We were sans enfants for the first time since, well since I lied about being happy with just a cuddle on the sofa. The kids had been packaged off to Britain with Grandma. Just a couple of teenagers with wrinkles instead of acne bowling off to the Bulgarian border and way beyond our comfort zone.

This wasn't my first venture into the ex-eastern bloc Balkans. Back in the early nineties me and a bunch of assorted Europeans ran the gauntlet of Yugoslavia just before the bombs started to fall. Banknotes were exchanged and the guy at the window scrubbed out the last three zeroes with a marker to show their new value. We only stopped for a cup of warm mud on the road while half of us guarded the cars. Some years later me and the missus took a trip up the Adriatic to Venice, a firework display of rockets from the coast added ambience to our romantic weekend; the Kosovan war was in full swing and the Slavs were bombing the hell out of each other. I recently went to the Serbian town of Leskovac to speak about innovation in education at a public school. The town was still pock-marked with bullet holes and its razed industrial zone was acres of bombed-out twisted scrap metal. I spoke to a teacher there about what they'd been through, Tito's communism, Slobodan Milošević, civil war, ethnic cleansing and now the euro-zone economic crisis. His reply will remain with me forever, "Things now, David are shit... which is a major improvement." There was no hyperbole, no drama, it was simple fact.

A Truss in Sofia
Bulgaria is now a member of the EU but a long way off joining the single currency (maybe a blessing). In 2013, I went to Sofia where I met David Rothschild and other business innovators at DIGITALK. I visited a start-up incubator that was far advanced of anything in Greece. Bulgaria had only ever been a suburb of the Soviet Union but it was obvious to me that it was keen to join the west and put its days in the shadow of the iron curtain in the past.


Sveta Nedelya Cathedral
My wife is very fastidious about paperwork and she had the car's history, insurance and green card ready for inspection. The border guard simply asked for our passports and waved us into no man's land, the 500 metre gap between the Greek and Bulgarian check points. A few months before, according to the press, the Bulgarians had threatened to fence the border to keep out refugees but all we saw was a deeply rutted road and a shiny little Duty Free shop. We took a selfie and wee break and ploughed on.

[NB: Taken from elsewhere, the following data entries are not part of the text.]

(* Let $X=\mathbb{R}^2$, $A=\mathbb{R}\times\{0\}$ and $B=\operatorname{epi}(|\cdot|+1)=\{(s,t)\in\mathbb{R}^2: t\ge |s|+1\}$, and let $T:=\mathrm{Id}-P_A+P_BR_A$. Then $A\cap B=\varnothing$, and for every starting point $x\in[-1,1]\times\{0\}$ and every $n\in\{1,2,\ldots\}$ one has $T^n x=(0,n)\in B$; in particular $\|P_BT^nx\|=n\to\infty$, so $(P_BT^nx)_{n}$ is unbounded.
   Context: $P_C$ is the Euclidean projection onto a closed convex set $C$, and $R_C=2P_C-\mathrm{Id}$. *)

From Stdlib Require Import Reals.
Open Scope R_scope.

Definition R2 : Type := (R * R)%type.

Definition vadd (u v : R2) : R2 := (fst u + fst v, snd u + snd v).
Definition vsub (u v : R2) : R2 := (fst u - fst v, snd u - snd v).
Definition vscal (a : R) (u : R2) : R2 := (a * fst u, a * snd u).

Definition norm2 (u : R2) : R := sqrt (fst u ^ 2 + snd u ^ 2).

Definition is_proj (C : R2 -> Prop) (x p : R2) : Prop :=
  C p /\ forall c, C c -> norm2 (vsub x p) <= norm2 (vsub x c).

Definition is_proj_map (C : R2 -> Prop) (P : R2 -> R2) : Prop :=
  forall x, is_proj C x (P x).

Definition refl (P : R2 -> R2) (x : R2) : R2 := vsub (vscal 2 (P x)) x.

Definition setA (u : R2) : Prop := snd u = 0.
Definition setB (u : R2) : Prop := snd u >= Rabs (fst u) + 1.

Definition Top (PA PB : R2 -> R2) (x : R2) : R2 :=
  vadd (vsub x (PA x)) (PB (refl PA x)).

Fixpoint iterate (f : R2 -> R2) (n : nat) (x : R2) : R2 :=
  match n with
  | O => x
  | S k => f (iterate f k x)
  end.

(* Since A is the horizontal axis, R_A x = (x1, -x2) and x - P_A x = (0, x2), so
   T x = (0, x2) + P_B (x1, -x2).  Whenever |x1| <= 1 + x2, the point (x1, -x2)
   lies in the normal cone of B at its apex (0, 1), hence P_B (x1, -x2) = (0, 1)
   and T x = (0, x2 + 1).  Starting from (a, 0) with |a| <= 1 the orbit therefore
   climbs the vertical axis one unit per step, staying inside B. *)

From Stdlib Require Import Reals Lra Psatz.
Open Scope R_scope.

Lemma norm2_le_sqr (u v : R2) :
  norm2 u <= norm2 v -> fst u ^ 2 + snd u ^ 2 <= fst v ^ 2 + snd v ^ 2.
Proof. unfold norm2; intro H; apply sqrt_le_0; nra. Qed.

Lemma norm2_vertical (t : R) : 0 <= t -> norm2 (0, t) = t.
Proof.
  intro Ht; unfold norm2; cbn [fst snd].
  replace (0 ^ 2 + t ^ 2) with (t ^ 2) by ring.
  exact (sqrt_pow2 t Ht).
Qed.

Lemma is_proj_id (C : R2 -> Prop) (x p : R2) : C x -> is_proj C x p -> p = x.
Proof.
  intros Cx [_ Hmin]; specialize (Hmin x Cx); apply norm2_le_sqr in Hmin.
  destruct x as [x1 x2], p as [p1 p2]; cbn [vsub fst snd] in Hmin.
  pose proof (pow2_ge_0 (x1 - p1)); pose proof (pow2_ge_0 (x2 - p2)).
  assert (p1 = x1) by nra; assert (p2 = x2) by nra; subst; reflexivity.
Qed.

Lemma is_proj_setA (y p : R2) : is_proj setA y p -> p = (fst y, 0).
Proof.
  intros [Ap Hmin]; specialize (Hmin (fst y, 0) eq_refl); apply norm2_le_sqr in Hmin.
  destruct y as [y1 y2], p as [p1 p2]; unfold setA in Ap; cbn [vsub fst snd] in *.
  subst p2; f_equal; nra.
Qed.

Lemma setA_setB_disjoint (u : R2) : ~ (setA u /\ setB u).
Proof.
  intros [Au Bu]; unfold setA, setB in *; pose proof (Rabs_pos (fst u)); lra.
Qed.

Lemma setB_vertical (t : R) : 1 <= t -> setB (0, t).
Proof. intro Ht; unfold setB; cbn [fst snd]; rewrite Rabs_R0; lra. Qed.

(* The hypothesis places (a, b) in the normal cone (0, 1) + {(s, t) : t <= -|s|}
   of B at its apex. *)
Lemma is_proj_setB_apex (a b : R) (p : R2) :
  Rabs a <= 1 - b -> is_proj setB (a, b) p -> p = (0, 1).
Proof.
  intros Hab [Bp Hmin].
  specialize (Hmin (0, 1) (setB_vertical 1 (Rle_refl 1))); apply norm2_le_sqr in Hmin.
  destruct p as [p1 p2]; unfold setB in Bp; cbn [vsub fst snd] in *.
  revert Bp Hab; unfold Rabs; destruct (Rcase_abs p1), (Rcase_abs a); intros;
    f_equal; nra.
Qed.

Section DouglasRachford.

Variables PA PB : R2 -> R2.
Hypothesis hPA : is_proj_map setA PA.
Hypothesis hPB : is_proj_map setB PB.

Lemma Top_climb (a t : R) : Rabs a <= 1 + t -> Top PA PB (a, t) = (0, t + 1).
Proof.
  intro Ha.
  assert (HPA : PA (a, t) = (a, 0)) by exact (is_proj_setA _ _ (hPA (a, t))).
  assert (HRA : refl PA (a, t) = (a, - t)).
  { unfold refl, vscal, vsub; rewrite HPA; cbn [fst snd]; f_equal; ring. }
  assert (HPB : PB (a, - t) = (0, 1)).
  { apply (is_proj_setB_apex a (- t)); [lra | apply hPB]. }
  unfold Top; rewrite HRA, HPB, HPA; unfold vadd, vsub; cbn [fst snd]; f_equal; ring.
Qed.

Lemma iterate_Top_climb (a : R) (n : nat) :
  Rabs a <= 1 -> iterate (Top PA PB) (S n) (a, 0) = (0, INR (S n)).
Proof.
  intro Ha; induction n as [|n IH]; cbn [iterate].
  - rewrite Top_climb by lra; f_equal; cbn; ring.
  - cbn [iterate] in IH; rewrite IH, Top_climb, (S_INR (S n)); [reflexivity |].
    rewrite Rabs_R0; pose proof (pos_INR (S n)); lra.
Qed.

End DouglasRachford.

Theorem mainTheorem3 (PA PB : R2 -> R2)
  (hPA : is_proj_map setA PA) (hPB : is_proj_map setB PB) :
  (forall u : R2, ~ (setA u /\ setB u)) /\
  (forall (x : R2), -1 <= fst x <= 1 -> snd x = 0 ->
     (forall n : nat, (1 <= n)%nat ->
        iterate (Top PA PB) n x = (0, INR n) /\
        setB (iterate (Top PA PB) n x) /\
        norm2 (PB (iterate (Top PA PB) n x)) = INR n) /\
     (forall M : R, exists n : nat,
        M < norm2 (PB (iterate (Top PA PB) n x)))).
Proof.
  split; [exact setA_setB_disjoint |].
  intros [a x2] Ha Hx2; cbn [fst snd] in Ha, Hx2; subst x2.
  assert (Ha' : Rabs a <= 1) by (apply Rabs_le; exact Ha).
  assert (Horbit : forall n : nat, (1 <= n)%nat ->
    iterate (Top PA PB) n (a, 0) = (0, INR n) /\
    setB (iterate (Top PA PB) n (a, 0)) /\
    norm2 (PB (iterate (Top PA PB) n (a, 0))) = INR n).
  { intros [|n] Hn; [inversion Hn |].
    assert (Hn1 : 1 <= INR (S n)) by (apply (le_INR 1); exact Hn).
    rewrite (iterate_Top_climb PA PB hPA hPB a n Ha').
    split; [reflexivity | split; [exact (setB_vertical _ Hn1) |]].
    rewrite (is_proj_id setB _ _ (setB_vertical _ Hn1) (hPB _)).
    apply norm2_vertical; lra. }
  split; [exact Horbit |].
  intro M; destruct (INR_unbounded M) as [n Hn]; exists (S n).
  destruct (Horbit (S n)) as [_ [_ ->]]; [lia | rewrite S_INR; lra].
Qed.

Bulgaria welcomed us with a single lane country road peppered with 50kmh (31mph) speed limits and the threat of radar traps. I kept a light foot on the peddle and a vigilant eye on every corner, I had heard too many tales of police shake-downs and even fake police blocks to relax.

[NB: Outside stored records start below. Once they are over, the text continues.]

Definition ext_mul (x y : ext) : ext :=
  [ffun S : {set 'I_n} => \sum_(A : {set 'I_n} | A \subset S)
                ext_sgn A (S :\: A) * x A * y (S :\: A)].

Definition ext_one : ext := [ffun S : {set 'I_n} => (S == set0)%:R].

Definition ext_d (x : ext) : ext := [ffun => 0].

(* coproduct: the algebra map with U_i primitive; coefficient of U_A (x) U_B *)
Definition ext_coprod (x : ext) (A B : {set 'I_n}) : rat :=
  if [disjoint A & B] then ext_sgn A B * x (A :|: B) else 0.

Definition ext_counit (x : ext) : rat := x set0.

Definition mon := {ffun 'I_n -> nat}.          (* exponent vector of P^m *)
Definition mon0 : mon := [ffun => 0%N].
Definition word := seq mon.
Definition tens := word -> rat.

Definition degP (m : mon) : nat := (\sum_i m i * e i)%N.
(* degree in the shift H^*(BG)[1] *)
Definition sdeg (m : mon) : int := (degP m)%:Z - 1.

Definition ksgnz (a b : int) : rat := (-1) ^+ (`|a| * `|b|)%N.
Definition signz (a : int) : rat := (-1) ^+ `|a|%N.

(* Koszul sign of the shuffle of the b-selected letters (left factor) with the
   others (right factor) producing w *)
Definition shuffle_sgn (w : word) (b : bitseq) : rat :=
  \prod_(q < size w) \prod_(p < q)
     (if ~~ nth false b p && nth false b q
      then ksgnz (sdeg (nth mon0 w p)) (sdeg (nth mon0 w q)) else 1).

Definition shuffle (x y : tens) : tens := fun w =>
  \sum_(b : (size w).-tuple bool)
     shuffle_sgn w b * x (mask b w) * y (mask (map negb b) w).

Definition tens_one : tens := fun w => (w == [::])%:R.

(* deconcatenation coproduct; coefficient of u (x) v *)
Definition tens_coprod (x : tens) (u v : word) : rat := x (u ++ v).

Definition tens_counit (x : tens) : rat := x [::].

(* bar differential, dual form of
   delta [a_1|...|a_k] = sum_j (-1)^(|sa_1|+...+|sa_j|) [a_1|...|a_j a_(j+1)|...|a_k] *)
Definition mon_bound (m : mon) : nat := (\max_i m i)%N.

Definition bar_d (x : tens) : tens := fun w =>
  \sum_(j < size w)
   \sum_(t : {ffun 'I_n -> 'I_(mon_bound (nth mon0 w j)).+1}
          | [forall i, (t i <= nth mon0 w j i)%N])
     let b : mon := [ffun i => nat_of_ord (t i)] in
     let c : mon := [ffun i => (nth mon0 w j i - t i)%N] in
     signz (\sum_(l <- rcons (take j w) b) sdeg l) *
     x (take j w ++ b :: c :: drop j.+1 w).

Definition genP (i : 'I_n) : mon := [ffun k => nat_of_bool (k == i)].
Definition tens_letter (i : 'I_n) : tens := fun w => (w == [:: genP i])%:R.

Definition fU (S : {set 'I_n}) : tens :=
  foldr shuffle tens_one [seq tens_letter i | i <- enum S].

Definition f (x : ext) : tens := fun w => \sum_(S : {set 'I_n}) x S * fU S w.

(* f (x) f applied to an element of H^*(G) (x) H^*(G) *)
Definition ftens (z : {set 'I_n} -> {set 'I_n} -> rat) (u v : word) : rat :=
  \sum_(A : {set 'I_n}) \sum_(B : {set 'I_n}) z A B * fU A u * fU B v.

End LieCohomology.

From mathcomp Require Import all_boot all_order all_algebra.
From mathcomp Require Import ring zify.

(* Every tensor occurring here is alternating: it is supported on words in the
   generators P_i and changes sign when two adjacent letters are exchanged, the
   P_i having odd degree in H^*(BG)[1].  Such a tensor is determined by its
   coefficients on the increasing words [P_s1|...|P_sk], where f x takes the
   coefficient of U_s1...U_sk in x.  Each identity thus becomes a comparison of
   coefficients: the Koszul sign of a shuffle of odd letters is the sign of the
   corresponding product in the exterior algebra, and the sign of sorting a
   concatenation gives the coproduct.  The bar differential vanishes on
   alternating tensors, because exchanging the two factors of a splitting of a
   letter negates the corresponding term. *)

Set Implicit Arguments. Unset Strict Implicit. Unset Printing Implicit Defensive.
Import Order.TTheory GRing.Theory Num.Theory.

Fixpoint swap {T : Type} (k : nat) (s : seq T) : seq T :=
  match k, s with
  | 0, x :: y :: t => y :: x :: t
  | k'.+1, x :: t => x :: swap k' t
  | _, _ => s
  end.

Section Swap.
Variable T : Type.
Implicit Types (s : seq T) (b : bitseq).

Lemma size_swap k s : size (swap k s) = size s.
Proof. by elim: k s => [|k IH] [|x [|y t]] //=; rewrite IH. Qed.

Lemma swapK k : involutive (@swap T k).
Proof. by elim: k => [|k IH] [|x [|y t]] //=; rewrite IH. Qed.

Lemma map_swap (U : Type) (g : T -> U) k s : map g (swap k s) = swap k (map g s).
Proof. by elim: k s => [|k IH] [|x [|y t]] //=; rewrite IH. Qed.

Lemma swap_catl k s1 s2 : k.+1 < size s1 -> swap k (s1 ++ s2) = swap k s1 ++ s2.
Proof. by elim: k s1 => [|k IH] [|x [|y t]] //= H; rewrite (IH (y :: t)). Qed.

Lemma swap_catr k s1 s2 : swap (size s1 + k) (s1 ++ s2) = s1 ++ swap k s2.
Proof. by elim: s1 => [|x s1 IH] //=; rewrite IH. Qed.

Lemma swap_mid s1 x y s2 : swap (size s1) (s1 ++ x :: y :: s2) = s1 ++ y :: x :: s2.
Proof. by rewrite -[size s1]addn0 swap_catr. Qed.

Lemma count_swap (p : pred T) k s : count p (swap k s) = count p s.
Proof. by elim: k s => [|k IH] [|x [|y t]] //=; rewrite ?IH // addnCA. Qed.

Lemma mask_swapTT k b s : size b = size s -> k.+1 < size s ->
  nth false b k -> nth false b k.+1 ->
  exists2 j, j.+1 < size (mask b s) & mask (swap k b) (swap k s) = swap j (mask b s).
Proof.
elim: k b s => [|k IH] [|c b] [|x s] //= [Hs] Hk.
  by case: b s Hs Hk => [|c2 b] [|y s] //= [Hs] _ -> ->; exists 0.
move=> H1 H2; have [j Hj ->] := IH b s Hs Hk H1 H2.
by case: c; [exists j.+1 | exists j].
Qed.

Lemma mask_swap k b s : size b = size s ->
  ~~ (nth false b k && nth false b k.+1) -> mask (swap k b) (swap k s) = mask b s.
Proof.
elim: k b s => [|k IH] [|c b] [|x s] //= [Hs].
  by case: b s Hs => [|c2 b] [|y s] //= [Hs]; case: c; case: c2.
by move=> H; rewrite IH.
Qed.

End Swap.

(* [(-1) ^+ bit_inv b] is the Koszul sign of the shuffle of odd letters that
   takes the letters selected by [b] to the left factor. *)
Fixpoint bit_inv (b : bitseq) : nat :=
  if b is c :: b' then (if c then 0 else count id b') + bit_inv b' else 0.

Lemma odd_bit_inv_swap k (b : bitseq) : k.+1 < size b ->
  odd (bit_inv (swap k b)) = (nth false b k != nth false b k.+1) (+) odd (bit_inv b).
Proof.
elim: k b => [|k IH] [|c [|c2 b]] //= H.
  by case: c; case: c2; rewrite /= !add0n ?addnA ?negbK.
by rewrite oddD count_swap (IH (c2 :: b) H) [in RHS]oddD addbCA.
Qed.

Section Sort.
Variable n : nat.
Implicit Types (s t : seq 'I_n) (x y : 'I_n).

Definition ord_lt : rel 'I_n := fun x y => (x < y)%N.

Lemma ord_lt_trans : transitive ord_lt.
Proof. by move=> x y z; apply: ltn_trans. Qed.

Lemma ord_lt_irr : irreflexive ord_lt.
Proof. by move=> x; rewrite /ord_lt ltnn. Qed.

Lemma sorted_ord_ltP x t : sorted ord_lt (x :: t) -> forall y, y \in t -> (x < y)%N.
Proof. by rewrite /= (path_sortedE ord_lt_trans) => /andP [/allP]. Qed.

Lemma sorted_uniq_head x t : sorted ord_lt (x :: t) -> x \notin t.
Proof. by move/sorted_ord_ltP=> Hx; apply/negP => /Hx; rewrite ltnn. Qed.

Lemma sorted_enum (A : {set 'I_n}) : sorted ord_lt (enum A).
Proof.
rewrite /enum_mem -enumT; apply: sorted_filter; first exact: ord_lt_trans.
change (sorted (relpre val ltn) (enum 'I_n)); rewrite -sorted_map val_enum_ord.
exact: iota_ltn_sorted.
Qed.

Lemma sorted_enum_eq s (A : {set 'I_n}) : sorted ord_lt s -> s =i A -> s = enum A.
Proof.
move=> Hs HA; apply: (irr_sorted_eq ord_lt_trans ord_lt_irr Hs (sorted_enum A)).
by move=> y; rewrite mem_enum HA.
Qed.

Fixpoint ins x t : seq 'I_n :=
  if t is y :: t' then (if (x <= y)%N then x :: t else y :: ins x t') else [:: x].

Fixpoint isort s : seq 'I_n := if s is x :: s' then ins x (isort s') else [::].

We stopped for breakfast in Sandanski, a pleasant little shopping town popular with Greeks for its fake designer wear and cheap cigarettes.

A few km before Sofia the road opened to a wide modern highway with 120kmh limits. The road network seems to be building out, slowly, from Sofia and it was good to put my foot down and cut the breeze, I was finally starting to relax.

Sofia is surrounded by grim blocks of soviet era housing but as you enter the centre the Former Communist Party building looms and the cars rumble on cobbled streets, Sofia is unexpectedly impressive. We parked up next to a British-plated Jaguar opposite the Bulgarian assembly and headed through the park for wifi to book our first night's stay.

Hotel Bon Bon was the type of place you check the rooms before committing to anything and €32 a night was no quality seal but it was great. A big attic room with two big double beds and a balcony. I paid an extra €5 for guarded parking, which was a fenced-off corner of scrub land with a couple of guys armed with 2-litre beer bottles and began to explore.

The 2-litre beer bottle appeared to be the accessory de rigueur. Just imagine those huge Coke bottles... with beer! I later found out that they also came in  2.5 litre and cost between €2-3 depending on quality. I never had the gaul to buy one, I have a list of things that shouldn't be TOO CHEAP and on that (short) list is booze and ladies. I chose instead to take in the ambience at a pavement bar with reasonably priced draught beer and my most exorbitant wife.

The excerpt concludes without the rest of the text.